Ideas. Action. Results.

Data Privacy and Data Access Frontier: Strategies Exist for Concurrent Improvements

By Jenna Shelton

Wednesday, December 12, 2018

Is it possible to use data and protect privacy? Two independent blue-ribbon panels unanimously concluded over the past 18 months that secure data access can be encouraged while simultaneously maintaining stringent confidentiality protections. With one of the largest data collection exercises in the country – the 2020 census – coming up, it is important that as the government seeks participation it explains to the public that strong privacy protections are in effect.

The government’s privacy protections ensure that a wide array of data can be used for informing solutions for pressing problems facing society, like combatting the opioid epidemic and helping veterans find jobs. Both the U.S. Commission on Evidence-Based Policymaking (CEP) and the National Academies of Sciences, Engineering, and Medicine (NASEM) issued reports in 2017 that encouraged data to be made available for statistical activities without identifying any individual or specific entity.

The two panels issued strikingly similar recommendations, unanimously approved by their respective members that recognized a strong existing foundation for government privacy laws as well as targeted areas for improvement. Both highlighted the role for data in supporting evidence-building activities that can provide knowledge about effective government policies and programs. Both highlighted the need for improving access to other forms of existing data like administrative records, in part to address the rising costs of implementing household surveys.
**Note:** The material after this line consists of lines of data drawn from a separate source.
(* For fixed $\theta$, consider the function of $v\in\mathbb R^d$ \[ H(v,\theta)=\frac{\big\langle F(\Phi(\theta)+\sqrt\epsilon\,v),\ \Phi'(\theta)\big\rangle_\theta}{1-\sqrt\epsilon\langle v,\Phi''(\theta)\rangle_\theta-\sqrt\epsilon\big\langle v,\frac{d}{da}\big[P(a)^{-\top}P(a)^{-1}\big]\big|_{a=\theta}\Phi'(\theta)\big\rangle} \] (defined for $v$ near $0$). Then $H(0,\theta)=\omega_0$ and the derivative of $H$ with respect to $v$ at $v=0$ vanishes: $\frac{\partial H}{\partial v}(0,\theta)\cdot v=0$ for all $v\in\mathbb R^d$. Equivalently, for every fixed $v\in\mathbb R^d$, \[ \langle J(\theta)v,\Phi'(\theta)\rangle_\theta=-\omega_0\frac{d}{d\theta}\langle v,\Phi'(\theta)\rangle_\theta . \]
   Context: Let $F:\mathbb R^d\to\mathbb R^d$ be $C^2$, and suppose $du/dt=F(u)$ has a periodic solution $u(t)=\Phi(\omega_0 t)$ with $\Phi$ $2\pi$-periodic and $\omega_0>0$ (so $F(\Phi(\theta))=\omega_0\Phi'(\theta)$); let $J(\theta)=DF(\Phi(\theta))$; $\epsilon>0$. Let $P(\theta)$ be a $2\pi$-periodic, $C^2$, everywhere invertible real matrix function whose first column is $\Phi'(\theta)$, and $\mathcal S=\mathrm{diag}(\nu_1,\dots,\nu_d)$ real diagonal with $\nu_1=0$, such that $\omega_0P'(\theta)=J(\theta)P(\theta)-P(\theta)\mathcal S$. Weighted inner product: $\langle x,y\rangle_\theta=\langle P(\theta)^{-1}x,P(\theta)^{-1}y\rangle$ with $\langle\cdot,\cdot\rangle$ the Euclidean inner product; $P^{-\top}$ denotes $(P^{-1})^\top$. *)

From Stdlib Require Import Reals Lra.
Open Scope R_scope.

(* Vectors of R^d are represented as functions nat -> R; only the
   coordinates i < d are meaningful.  Matrices are nat -> nat -> R. *)
Definition vec := nat -> R.
Definition mat := nat -> nat -> R.

Fixpoint rsum (n : nat) (f : nat -> R) : R :=
  match n with
  | O => 0
  | S k => rsum k f + f k
  end.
The collective recommendations from the commission and NASEM committee suggest tangible opportunities to not just use data, but to do so with stronger privacy protections, increased transparency, and a better infrastructure for responsibly stewarding data resources. 

Can Data Be Productively Used While Protecting Privacy?

Both panels offered strong support for an existing infrastructure of federal privacy laws, including the Confidential Information Protection and Statistical Efficiency Act (CIPSEA) and the Census Bureau’s primary authorization (Title 13 of the US Code). These two laws include strong civil and criminal penalties that help safeguard confidentiality. Using authorities such as these, the commission described a concept called the access-privacy frontier: an idea that data access and privacy can be achieved simultaneously through the implementation of emerging technology in federal agencies.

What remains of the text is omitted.